**Work item**
Given the entries that follow, write out exactly the lines starting at the one containing "exact: bigcap_measurableType." and ending at the one containing "move=> mAct; rewrite", both ends included, and only those.
══ Records for this task ══
Lemma integrable_bounded_null (D N : set T) (f : T -> R) (lo hi : R) :
  measurable D -> measurable N -> P N = 0%E -> measurable_fun D f ->
  (forall x, D x -> ~ N x -> lo <= f x <= hi) -> P.-integrable D (EFin \o f).
Proof.
move=> mD mN N0 mf bnd; have mDN := measurableD mD mN.
have mEf : measurable_fun D (EFin \o f) by exact/measurable_EFinP.
apply/(negligible_integrable mN mD mEf N0).
apply: (le_integrable mDN _ _
  (finite_measure_integrable_cst P (`|lo| + `|hi|) mDN)).
  by apply: measurable_funS mEf => // x [].
move=> x [Dx Nx]; rewrite /= lee_fin [X in _ <= X]ger0_norm ?addr_ge0 //.
have /andP[lof fhi] := bnd x Dx Nx.
rewrite ler_norml; apply/andP; split.
- have := ler_norm (- lo); rewrite normrN; have := normr_ge0 hi; lra.
- have := ler_norm hi; have := normr_ge0 lo; lra.
Qed.

End RintegralProbability.

Section Padding.
Context {d} {T : measurableType d} {R : realType} (P : probability T R).
Context {E F H N : set T} {f g : T -> R} {c : R}.
Hypotheses (mE : measurable E) (mF : measurable F) (mH : measurable H).
Hypotheses (mN : measurable N) (PN0 : P N = 0%E).
Hypotheses (HE : H `<=` E) (EF : E `<=` F) (PE_gt0 : (0 < P E)%E).
Hypotheses (fint : P.-integrable E (EFin \o f)) (mg : measurable_fun F g).
Hypotheses (gH : forall x, H x -> g x = f x).
Hypothesis (gFH : forall x, F x -> ~ H x -> g x = c).

Let HF : H `<=` F. Proof. by move=> x /HE /EF. Qed.
Let mEH : measurable (E `\` H). Proof. exact: measurableD. Qed.
Let mFH : measurable (F `\` H). Proof. exact: measurableD. Qed.
Let fH : P.-integrable H (EFin \o f). Proof. exact: integrableS fint. Qed.
Let fEH : P.-integrable (E `\` H) (EFin \o f).
Proof. by apply: integrableS fint => // x []. Qed.

Lemma condE_setDUK : condE P E f =
  (Rintegral P H f + Rintegral P (E `\` H) f) /
  (fine (P H) + fine (P (E `\` H))).
Proof.
rewrite /condE (fine_measure_setDUK P E H mE mH HE).
rewrite (Rintegral_setDUK P E H f mE mH HE) //.
by case/integrableP: fint => /measurable_EFinP.
Qed.

Lemma condE_padE : condE P F g =
  (Rintegral P H f + c * fine (P (F `\` H))) /
  (fine (P H) + fine (P (F `\` H))).
Proof.
have gHf : {in H, f =1 g} by move=> x /set_mem /gH.
have gc : {in F `\` H, cst c =1 g} by move=> x /set_mem [Fx nHx]; rewrite gFH.
rewrite /condE (fine_measure_setDUK P F H mF mH HF).
rewrite (Rintegral_setDUK P F H g mF mH HF) //.
- by rewrite -(eq_Rintegral P gHf) -(eq_Rintegral P gc) Rintegral_cst.
- by apply: eq_integrable mH _ _ _ fH => x xH /=; rewrite gHf.
- apply: eq_integrable mFH _ _ _ (finite_measure_integrable_cst P c mFH).
  by move=> x xFH /=; rewrite -gc.
Qed.

Let mass_pad : fine (P (E `\` H)) <= fine (P (F `\` H)).
Proof.
apply: fine_le; rewrite ?fin_num_measure //.
by apply: le_measure; rewrite ?inE // => x [/EF Fx nHx].
Qed.

Let mass_gt0 : 0 < fine (P H) + fine (P (E `\` H)).
Proof.
rewrite -(fine_measure_setDUK P E H mE mH HE) fine_gt0 // PE_gt0 /=.
by rewrite ltey_eq fin_num_measure.
Qed.

Lemma condE_pad_le : (forall x, E x -> ~ N x -> c <= f x) ->
  condE P F g <= condE P E f.
Proof.
move=> cf; rewrite condE_padE condE_setDUK.
apply: mean_pad_le => //; rewrite ?fine_ge0 // -Rintegral_cst //.
- apply: le_Rintegral_null PN0 _ _ _ => //; last by move=> x /HE; exact: cf.
  exact: finite_measure_integrable_cst.
- apply: le_Rintegral_null PN0 _ _ _ => //; last by move=> x [Ex _]; exact: cf.
  exact: finite_measure_integrable_cst.
Qed.

Lemma condE_le_pad : (forall x, E x -> ~ N x -> f x <= c) ->
  condE P E f <= condE P F g.
Proof.
move=> fc; rewrite condE_padE condE_setDUK.
apply: mean_le_pad => //; rewrite ?fine_ge0 // -Rintegral_cst //.
- apply: le_Rintegral_null PN0 _ _ _ => //; last by move=> x /HE; exact: fc.
  exact: finite_measure_integrable_cst.
- apply: le_Rintegral_null PN0 _ _ _ => //; last by move=> x [Ex _]; exact: fc.
  exact: finite_measure_integrable_cst.
Qed.

End Padding.

Section Agree.
Context {A : nat -> finType} {Omega : Type} {Act : forall s, Omega -> A s}.
Context {a : hist A}.

Lemma agreeP {s w} :
  reflect (forall r, (r < s)%N -> Act r.+1 w = a r.+1) (agree Act a s w).
Proof.
apply: (iffP forallP) => [h r rs | h r]; first exact/eqP/(h (Ordinal rs)).
exact/eqP/h/ltn_ord.
Qed.

Lemma agree_le {s s' w} : (s' <= s)%N -> agree Act a s w -> agree Act a s' w.
Proof.
move=> le /agreeP h; apply/agreeP => r rs; apply: h.
exact: leq_trans rs le.
Qed.

Lemma agree_prefix_eq {s w} :
  agree Act a s w -> prefix_eq s (act_hist Act w) a.
Proof. by move=> /agreeP h [|r] // /andP[_ rs]; exact: h. Qed.

Lemma Nidx_le {t w} : (Nidx Act a t w <= t)%N.
Proof. by apply/bigmax_leqP => i _; rewrite -ltnS. Qed.

Lemma leq_Nidx {t w s} :
  (s <= t)%N -> (s <= Nidx Act a t w)%N = agree Act a s w.
Proof.
move=> st; apply/idP/idP => [|ag].
  have ag0 : agree Act a (@ord0 t) w by apply/agreeP.
  rewrite /Nidx (bigop.bigmax_eq_arg _ ag0).
  by case: arg_maxnP => // j agj _ sj; exact: agree_le sj agj.
have st1 : (s < t.+1)%N by [].
exact: (@leq_bigmax_cond _ (fun i : 'I_t.+1 => agree Act a i w) val
  (Ordinal st1)).
Qed.

End Agree.

Section Events.
Context {R : realType} {A : nat -> finType} {Omega : Type} {dim : nat -> nat}.
Context {X : forall s, hist A -> Omega -> 'rV[R]_(dim s)}.
Context {Act : forall s, Omega -> A s} {B : forall s, set 'rV[R]_(dim s)}.
Context {t : nat} {a : hist A}.
Hypothesis hXcons : forall s a b, prefix_eq s a b -> X s a = X s b.

Lemma ev_randomE : ev_random X Act B t a =
  [set w | forall s, (s <= t)%N -> agree Act a s w -> B s (X s a w)].
Proof.
apply/seteqP; split => w /= Fw s.
  move=> st ag; have := Fw s; rewrite leq_Nidx // => /(_ ag).
  by rewrite (hXcons _ _ _ (agree_prefix_eq ag)).
move=> sN; have st := leq_trans sN Nidx_le.
rewrite leq_Nidx // in sN.
by rewrite (hXcons _ _ _ (agree_prefix_eq sN)); exact: Fw.
Qed.

Lemma ev_fixed_sub_random : ev_fixed X B t a `<=` ev_random X Act B t a.
Proof. by move=> w Ew; rewrite ev_randomE => s st _; exact: Ew. Qed.

Lemma ev_random_agree_sub_fixed :
  ev_random X Act B t a `&` [set w | agree Act a t w] `<=` ev_fixed X B t a.
Proof.
rewrite ev_randomE => w [Fw ag] s st; apply: Fw => //.
exact: agree_le ag.
Qed.

End Events.

Lemma YboundE {R : realType} {A : nat -> finType} {Omega : Type}
    (Act : forall s, Omega -> A s) (Y : hist A -> Omega -> R) (t : nat)
    (a : hist A) (c : R) :
  (forall a b : hist A, prefix_eq t a b -> Y a = Y b) ->
  Ybound Act Y a t c = fun w => if agree Act a t w then Y a w else c.
Proof.
move=> hYcons; apply/funext => w; rewrite /Ybound.
by case: ifP => // /agree_prefix_eq /hYcons ->.
Qed.

Section Measurability.
Context {d : measure_display} {Omega : measurableType d}.

Lemma measurable_forall {p : nat -> Prop} {Q : nat -> set Omega} :
  (forall s, p s -> measurable (Q s)) ->
  measurable [set w | forall s, p s -> Q s w].
Proof.
move=> mQ; rewrite (_ : [set w | _] = \bigcap_(s in p) Q s).
  exact: bigcap_measurableType.
by apply/seteqP; split => w /= h s; apply: h.
Qed.

Lemma measurable_agree {A : nat -> finType} (Act : forall s, Omega -> A s)
    (a : hist A) (s : nat) :
  (forall r, (r < s)%N -> measurable [set w | Act r.+1 w = a r.+1]) ->
  measurable [set w | agree Act a s w].
Proof.
move=> mAct; rewrite (_ : [set w | _] =
  [set w | forall r, (r < s)%N -> [set w | Act r.+1 w = a r.+1] w]).
  exact: measurable_forall.
by apply/seteqP; split => w /agreeP.
Qed.

End Measurability.

Lemma measurable_ev_random {R : realType} {d : measure_display}
    {Omega : measurableType d} {A : nat -> finType} {dim : nat -> nat}
    {X : forall s, hist A -> Omega -> 'rV[R]_(dim s)}
    {Act : forall s, Omega -> A s} {B : forall s, set 'rV[R]_(dim s)}
    {t : nat} {a : hist A} :
  (forall s a b, prefix_eq s a b -> X s a = X s b) ->
  (forall s, (s <= t)%N -> measurable [set w | agree Act a s w]) ->
  (forall s, (s <= t)%N -> measurable [set w | B s (X s a w)]) ->
  measurable (ev_random X Act B t a).
Proof.
move=> hXcons mAg mXB; rewrite (ev_randomE hXcons).
rewrite (_ : [set w | _] = [set w | forall s, (s <= t)%N ->
    (~` [set w | agree Act a s w] `|` [set w | B s (X s a w)]) w]).
  apply: measurable_forall => s st; apply: measurableU (mXB s st).
  exact/measurableC/mAg.
apply/seteqP; split => w /= h s st.
  by case: (boolP (agree Act a s w)) => ag; [right; exact: h | left; exact/negP].
by case: (h s st) => //= /negP.
Qed.

Theorem theorem4p4
  (R : realType) (d : measure_display) (Omega : measurableType d)
  (P : probability Omega R)
  (T : nat) (hT : (1 <= T)%N)
  (dim : nat -> nat) (A : nat -> finType)
  (X : forall s : nat, hist A -> Omega -> 'rV[R]_(dim s))
  (hXcons : forall (s : nat) (a b : hist A), prefix_eq s a b -> X s a = X s b)
  (hXmeas : forall (s : nat) (a : hist A), (s <= T)%N -> measurable_rV (X s a))
  (Act : forall s : nat, Omega -> A s)
  (hAmeas : forall (s : nat) (v : A s), (1 <= s <= T)%N ->
     measurable [set w | Act s w = v])
  (t : nat) (ht : (1 <= t <= T)%N)
  (Y : hist A -> Omega -> R)
  (hYcons : forall a b : hist A, prefix_eq t a b -> Y a = Y b)
  (hYmeas : forall a : hist A, measurable_fun setT (Y a))
  (a : hist A)
  (B : forall s : nat, set 'rV[R]_(dim s))
  (hB : forall s : nat, (s <= t)%N -> borel_rV (B s))
  (ylo yhi : R)
  (hpos : (0 < P (ev_fixed X B t a))%E)
  (hbnd : condP P [set w | ylo <= Y a w <= yhi] (ev_fixed X B t a) = 1) :
  condE P (ev_random X Act B t a) (Ybound Act Y a t ylo)
    <= condE P (ev_fixed X B t a) (Y a)
  /\ condE P (ev_fixed X B t a) (Y a)
    <= condE P (ev_random X Act B t a) (Ybound Act Y a t yhi).
Proof.
have [_ tT] := andP ht.
set E := ev_fixed X B t a; set F := ev_random X Act B t a.
set G := [set w | agree Act a t w]; set S := [set w | ylo <= Y a w <= yhi].
have mXB s : (s <= t)%N -> measurable [set w | B s (X s a w)].
  by move=> st; apply: (hXmeas s a (leq_trans st tT)); exact: hB.
have mAg s : (s <= t)%N -> measurable [set w | agree Act a s w].
  move=> st; apply: measurable_agree => r rs; apply: hAmeas.
  by rewrite /= (leq_trans rs (leq_trans st tT)).
have mE : measurable E := measurable_forall mXB.
have mF : measurable F := measurable_ev_random hXcons mAg mXB.
have mH : measurable (E `&` G) := measurableI _ _ mE (mAg t (leqnn t)).
have mS : measurable S.
  rewrite (_ : S = Y a @^-1` `[ylo, yhi]); last first.
    by apply/seteqP; split => w /=; rewrite in_itv.
  by rewrite -[_ @^-1` _]setTI; exact: hYmeas.
have mN := measurableD mE mS.
have PN0 : P (E `\` S) = 0%E by apply: condP_eq1_null hbnd.
have Y_bnd x : E x -> ~ (E `\` S) x -> ylo <= Y a x <= yhi.
  by move=> Ex NSx; apply: contrapT => nSx; exact: NSx.
have Yint : P.-integrable E (EFin \o Y a).
  apply: integrable_bounded_null mN PN0 _ Y_bnd => //.
  exact: measurable_funTS.
have HE : E `&` G `<=` E by move=> x [].
have EF : E `<=` F := ev_fixed_sub_random hXcons.
have FGE : F `&` G `<=` E := ev_random_agree_sub_fixed hXcons.
have mg c : measurable_fun F (fun w => if agree Act a t w then Y a w else c).
  apply/measurable_funTS/measurable_fun_ifT => //.
  by apply: (measurable_fun_bool true); rewrite setTI; exact: mAg.
have gH c x : (E `&` G) x -> (if agree Act a t x then Y a x else c) = Y a x.
  by case=> _ ->.
have gFH c x : F x -> ~ (E `&` G) x ->
    (if agree Act a t x then Y a x else c) = c.
  move=> Fx nHx; case: ifP => // ag; exfalso; apply: nHx.
  by split => //; exact: FGE.
rewrite !YboundE //; split.
- apply: (condE_pad_le P mE mF mH mN PN0 HE EF hpos Yint (mg ylo) (gH ylo)
    (gFH ylo)).
  by move=> x Ex /(Y_bnd x Ex) /andP[].
- apply: (condE_le_pad P mE mF mH mN PN0 HE EF hpos Yint (mg yhi) (gH yhi)
    (gFH yhi)).
  by move=> x Ex /(Y_bnd x Ex) /andP[].
Qed.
═══
**Final answer**
  exact: bigcap_measurableType.
by apply/seteqP; split => w /= h s; apply: h.
Qed.

Lemma measurable_agree {A : nat -> finType} (Act : forall s, Omega -> A s)
    (a : hist A) (s : nat) :
  (forall r, (r < s)%N -> measurable [set w | Act r.+1 w = a r.+1]) ->
  measurable [set w | agree Act a s w].
Proof.
move=> mAct; rewrite (_ : [set w | _] =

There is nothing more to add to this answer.